UN Admits Civilians May Have Died


By Andrew Buncombe

January 10, 2006

The UN has for the first time admitted that a number of innocent civilians may have become "collateral victims" and killed during a controversial raid by peacekeeping forces in Haiti. The admission will likely add to the tension inside the capital city, Port-au-Prince, already wracked by violence and chaos – and the recent suicide of the UN military commander - as it prepares for a crucial election.

The summary of an internal inquiry, passed to The Independent, says a number of people may been caught in crossfire between UN peacekeepers and armed gang members, headed by a well-known leader, Emanuel "Dread" Wilme. The report claims that UN troops fired only in self-defence.

The raid involving 400 peacekeepers took place last July in the Cite Soleil slum with the stated intention of cracking-down on gangs responsible for ongoing violence and kidnappings in the capital. Many of the gangs are supporters of former president, Jean-Bertrand Aristide. Mr Aristide, democratically elected and with overwhelming support among the poor, was ousted two years ago following an uprising organised mainly by members of the business elite who had received support from the US.

Video footage taken after the raid showed the bodies of numerous apparently unarmed victims. Independent witnesses said up to 23 people were killed – among them the wife and two young sons of Fredi Romelus, a Cite Soleil resident who told reporters that UN troops opened fire on his home. " They surrounded our house... and I ran thinking my wife and the children were behind me. They couldn't get out and the [UN] fired into the house," he said.

The admission by the UN mission (MINUSTAH) that civilians may have been killed "given the length of the operation and the violence of the clashes" will do nothing to ease the fraught situation in Haiti, where a presidential election has been repeatedly delayed. The delays have been blamed on the violence and problems with distributing voter identification cards.
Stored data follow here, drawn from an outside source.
(* Let $N\ge3$ and $p>0$. For each $1\le j\le N-1$ let $W^{(j)}$ be the unique solution in $L^2_c$ of $L_-W^{(j)}=U^{(j)}$. Then $$\langle U^{(j)},W^{(k)}\rangle_{L^2(\Gamma)}=0\ \ (j\ne k),\qquad \langle U^{(j)},W^{(j)}\rangle_{L^2(\Gamma)}>0 .$$ Moreover, the vectors $U^{(1)},\dots,U^{(N-1)}$ are pairwise orthogonal in $L^2(\Gamma)$, and so are the vectors $W^{(1)},\dots,W^{(N-1)}$.
   Context: Let $\Gamma$ be the star graph of $N$ half-lines joined at a single vertex, each edge parametrized by $x\in[0,\infty)$ with vertex at $x=0$. Functions are real-valued; $L^2(\Gamma)=\oplus_{j=1}^NL^2(\mathbb{R}^+)$ with $\langle F,G\rangle_{L^2(\Gamma)}=\sum_j\int_0^\infty f_jg_j\,dx$, and $H^2_\Gamma=\{\Psi\in\oplus_jH^2(\mathbb{R}^+):\psi_1(0)=\dots=\psi_N(0),\ \sum_j\psi_j'(0)=0\}$. Let $\phi(x)=\operatorname{sech}^{1/p}(px)$, $\Phi=\phi\,(1,\dots,1)^T$, $L^2_c=\{V\in L^2(\Gamma):\langle V,\Phi\rangle_{L^2(\Gamma)}=0\}$. $L_-=-\Delta+1-(p+1)\Phi^{2p}$ (componentwise) is self-adjoint on $L^2(\Gamma)$ with domain $H^2_\Gamma$, and its kernel is spanned by $\Phi$. For $k=1,\dots,N-1$ let $e_k\in\mathbb{R}^N$ have first $k$ entries $1$, $(k+1)$-th entry $-k$, other entries $0$, and $U^{(k)}=\phi'(x)e_k$; note $U^{(k)}\in L^2_c$. *)

From Stdlib Require Import Reals.
From Coquelicot Require Import Coquelicot.
Open Scope R_scope.

(* A function on the star graph with N edges: component i (0 <= i < N) is
   the function on the i-th half-line; only values at x >= 0 matter. *)
Definition graph_fun := nat -> R -> R.

Fixpoint sum_upto (n : nat) (f : nat -> R) : R :=
  match n with O => 0 | S m => sum_upto m f + f m end.

Definition int0inf (f : R -> R) : R :=
  RInt_gen f (at_point 0) (Rbar_locally p_infty).

Definition sq_int (f : R -> R) : Prop :=
  ex_RInt_gen (fun x => f x * f x) (at_point 0) (Rbar_locally p_infty).

Definition inner (N : nat) (F G : graph_fun) : R :=
  sum_upto N (fun i => int0inf (fun x => F i x * G i x)).

Definition phi (p x : R) : R := Rpower (/ cosh (p * x)) (/ p).

Definition Phi (p : R) : graph_fun := fun _ x => phi p x.

(* e_k : first k entries 1, (k+1)-th entry -k (0-based index k), others 0 *)
Definition e_vec (k i : nat) : R :=
  if (i <? k)%nat then 1 else if (i =? k)%nat then - INR k else 0.

Definition U (p : R) (k : nat) : graph_fun :=
  fun i x => Derive (phi p) x * e_vec k i.

(* Domain H^2_Gamma: each component twice differentiable (represented as a
   function on R; only the restriction to [0,oo) matters), with the function
   and its first two derivatives square integrable on [0,oo), continuity at
   the vertex and the Kirchhoff condition sum_j psi_j'(0) = 0. *)
Definition in_H2Gamma (N : nat) (F : graph_fun) : Prop :=
  (forall i, (i < N)%nat ->
     (forall x, ex_derive (F i) x) /\
     (forall x, ex_derive (Derive (F i)) x) /\
     sq_int (F i) /\ sq_int (Derive (F i)) /\ sq_int (Derive (Derive (F i)))) /\
  (forall i, (i < N)%nat -> F i 0 = F 0%nat 0) /\
  sum_upto N (fun i => Derive (F i) 0) = 0.

Definition in_L2c (N : nat) (p : R) (F : graph_fun) : Prop :=
  (forall i, (i < N)%nat -> sq_int (F i)) /\ inner N F (Phi p) = 0.

Definition Lminus (p : R) (F : graph_fun) : graph_fun :=
  fun i x => - Derive (Derive (F i)) x + F i x
             - (p + 1) * Rpower (phi p x) (2 * p) * F i x.

From Stdlib Require Import Reals Lra Lia FunctionalExtensionality Classical.
From Coquelicot Require Import Coquelicot.
Open Scope R_scope.

(* On each half-line [L_-] factors as [A^* A], where [A f = f' + tanh (p x) f] and
   [A^* g = - g' + tanh (p x) g], and every square-integrable solution of [L_- v = 0] is a
   multiple of [phi]: [(A v) phi] is constant, and it must vanish.  Applied to
   [W_i - e_k(i) W_1], this together with the vertex conditions, the orthogonality to [Phi]
   and [sum_i e_k(i) = 0] gives [W^(k) = e_k w_k] with [w_k(0) = 0].  Every inner product
   of the statement is therefore [e_j . e_k] times a scalar integral, and [e_j . e_k = 0]
   for [j <> k].  On the diagonal, integration by parts gives
   [int_0^b phi' w = int_0^b (A w)^2 - w(b) (A w)(b)]; since [A w] does not vanish
   identically, a nonpositive [int phi' w] would keep [w (A w)] above a positive constant at
   infinity, which square-integrability of [w] and [w'] forbids. *)

Lemma continuous_Rplus (f g : R -> R) x :
  continuous f x -> continuous g x -> continuous (fun y => f y + g y) x.
Proof. apply (continuous_plus (V := R_NormedModule)). Qed.

Lemma continuous_Rmult (f g : R -> R) x :
  continuous f x -> continuous g x -> continuous (fun y => f y * g y) x.
Proof. apply (continuous_mult (K := R_AbsRing)). Qed.

Lemma ex_derive_continuous_R (f : R -> R) (x : R) : ex_derive f x -> continuous f x.
Proof. apply (ex_derive_continuous (V := R_NormedModule)). Qed.

Lemma is_derive_eq (f : R -> R) (x l l' : R) : is_derive f x l -> l = l' -> is_derive f x l'.
Proof. now intros H <-. Qed.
The business community has called on the UN to do more to stop the violence and yesterday a national strike was held in protest. But supporters of Mr Aristide say this is nothing more than excuse to clamp down further on members of his Lavalas party. Human rights campaigners have detailed widespread suppression of Lavalas members by the interim government and the Haitian National Police.

Among the cases highlighted by Amnesty International is that of Father Gerard Jean-Juste, a Catholic priest and friend of Mr Aristide, who has been held without charge since last summer. Officials say Mr Jean-Juste, 59, recently diagnosed with leukemia, is being held on suspicion of involvement in a murder but AI said "he is a prisoner of conscience detained solely for the peaceful exercise of his right to freedom of expression".

Despite its admission that civilians may have been shot, the UN claims the majority of those died last July were actually killed by other gang members in reprisal for collaborating with the UN or else celebrating the death of Mr Wilme. It described the video footage a "manifest example" of disinformation.

Kevin Pina, the Haitian-based journalist who heads a team that shot the footage, dismissed the UN's claims. "I personally handed a copy of that video to [the UN special envoy, Juan] Valdes at JFK airport. He described it as propaganda and lies without even looking at it. They are predisposed to saying this. They do not want to look at the evidence." He said he met recently with Mr Romelus, whose family was killed. "His life has been destroyed. If I can find him, why can't the UN find him and interview him?"

Mr Pina said the UN had now established a system of embedding journalists with peacekeeping forces. He also said the US and Canada were funding programmes to train Haitian journalists. "They are the ones trying to control the media and yet they accuse us of disinformation."

Meanwhile, officials are investigating the apparent suicide of MINUSTAH's military commander, General Urano Teixeira da Matta Bacella, whose body was discovered in his hotel room on Saturday. Mr Bacella, a Brazilian, took charge of the UN force in September and was not involved in July's raid.